If you have read far enough into my new book, The Last Psychoanalyst, you will know that I accord famed Slovenian philosopher Slavoj Zizek an important role in the history of psychoanalysis. See also my previous posts on Zizek.
On the off chance that you believe I was exaggerating about him or that I was trafficking in caricature, I draw your attention to Rebecca Schuman’s portrait of the philosopher as a clown. In fact, I might have been slightly too generous in calling him a philosopher-clown.
Schuman describes Zizek:
Slovenian critical-theory superstar Slavoj Žižek is the “Elvis of cultural theory,” one of the most famous and eminent philosophers alive and working today—second only, perhaps, to his arch-nemesis Noam Chomsky, with whom he spent the better part of 2013 in a highly publicized feud. His work is all but worshipped by his adherents. He is feted at conferences convened for no other reason than to celebrate him.
If you remove the veil, Schuman explains, you arrive at the man himself. It’s not a pretty picture:
He is also a grade-A, number-one, world-class jerk, who brings to life the worst caricature of the humanities eminence: someone who loves subjecting other people to his talks, but who loathes contact with students—who, being “like other people,” are mostly “boring idiots.”
Why are Zizek’s students “boring idiots.” Could it be because they spend their time reading people like Slavoj Zizek? Or perhaps, their idolization of Zizek may be an irrefutable proof of their idiocy.
In any case, Zizek treats them with utter contempt. Perhaps they deserve it; perhaps not. Yet, if they allow themselves to be treated this way they are telling us that they think they deserve it.
In Schuman’s words:
“If you don’t give me any of your shitty papers,” Žižek told students at The New School in New York—who may have matriculated at that institution for the sole purpose of working with Slavoj Žižek—“you get an A. If you give me a paper, I may read it and not like it, and you can get a lower grade.”

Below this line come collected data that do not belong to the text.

(* The first letter [c] of [v] that is [a] or does not commute with [a] is [a]:
   otherwise the subwords of both sides on the letters [a] and [c], which
   commutation moves preserve, would start with [c] and with [a]. *)
Lemma comm_equiv_head_split p v a r : comm_equiv S (p ++ v) (p ++ a :: r) ->
  exists v1 v2, v = v1 ++ a :: v2 /\ all (fun y => a * y == y * a) v1.
Proof.
move=> hce.
have hfilter (P : pred gT) : (forall s t, P s -> P t -> s * t = t * s -> s = t) ->
    filter P v = filter P (a :: r).
  move=> hP; move/eqP: (comm_equiv_filter hP hce).
  by rewrite !filter_cat eqseq_cat // eqxx => /eqP.
pose q y := (y == a) || (a * y != y * a).
have [hq | hnq] := boolP (has q v); last first.
  have hav : a \notin v.
    by apply: contra hnq => hav; apply/hasP; exists a; rewrite // /q eqxx.
  have ha1 s t : pred1 a s -> pred1 a t -> s * t = t * s -> s = t.
    by move=> /eqP -> /eqP ->.
  have := congr1 size (hfilter _ ha1).
  by rewrite !size_filter /= eqxx (count_memPn hav).
move: hfilter; case: (split_find hq) => c v1 v2 qc hnq1 hfilter.
have hcomm1 : all (fun y => a * y == y * a) v1.
  by apply/allP => y /(hasPn hnq1); rewrite /q negb_or negbK => /andP [_ ->].
have [-> | hca] := eqVneq c a; first by exists v1, v2; rewrite cat_rcons.
have hac : a * c != c * a by move: qc; rewrite /q (negbTE hca).
pose P y := (y == a) || (y == c).
have hP s t : P s -> P t -> s * t = t * s -> s = t.
  by case/orP=> /eqP -> /orP [] /eqP -> // hst; case/eqP: hac.
have hnP1 : ~~ has P v1.
  apply/hasPn => y /(hasPn hnq1); rewrite /q /P !negb_or negbK => /andP [-> hay] /=.
  by apply: contraTneq hay => ->.
move: (hfilter P hP); rewrite cat_rcons filter_cat.
move: hnP1; rewrite has_filter negbK => /eqP ->.
by rewrite /= /P !eqxx orbT => -[] /eqP; rewrite (negbTE hca).
Qed.

Lemma nth_repeat_commuting (s v1 v v' : seq gT) a : s = v1 ++ a :: v ++ a :: v' ->
  all (fun y => a * y == y * a) v ->
  exists i j, [/\ i < j < size s, nth 1 s i = nth 1 s j &
    forall k, i < k < j -> nth 1 s i * nth 1 s k = nth 1 s k * nth 1 s i].
Proof.
move=> -> hcomm.
have nth_s t m : nth 1 (v1 ++ t) (size v1 + m) = nth 1 t m.
  by rewrite nth_cat ltnNge leq_addr /= addKn.
have nth_a : nth 1 (v1 ++ a :: v ++ a :: v') (size v1) = a.
  by rewrite nth_cat ltnn subnn.
exists (size v1), (size v1 + (size v).+1); rewrite nth_a; split.
- by rewrite size_cat /= size_cat /=; lia.
- by rewrite nth_s /= nth_cat ltnn subnn.
- move=> k /andP [hk1 hk2]; have hk : k - size v1 - 1 < size v by lia.
  have -> : k = size v1 + (k - size v1 - 1).+1 by lia.
  by rewrite nth_s /= nth_cat hk; apply/eqP; move/all_nthP: hcomm; apply.
Qed.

Certainly, the great Slovenian has no interest in actually talking to students:
“Here in the United States, students tend to be so open that sooner or later, if you are kind to them, they even start to ask you personal questions, [share their] private problems; could you help them, and so on. And what should I tell them? I don’t care. Kill yourself. It’s not my problem.” The Žižekophant giving the interview laughs at this, hard.
The real problem with Žižek, in any case, isn’t that he feels this way or that he says these things aloud. It’s that he does so and people think it’s hilarious.
As a footnote: I did not include pictures in my book, but Slate magazine has chosen a photo of Zizek to accompany Schuman’s article:
At least, now you will understand why people think that Zizek is so funny.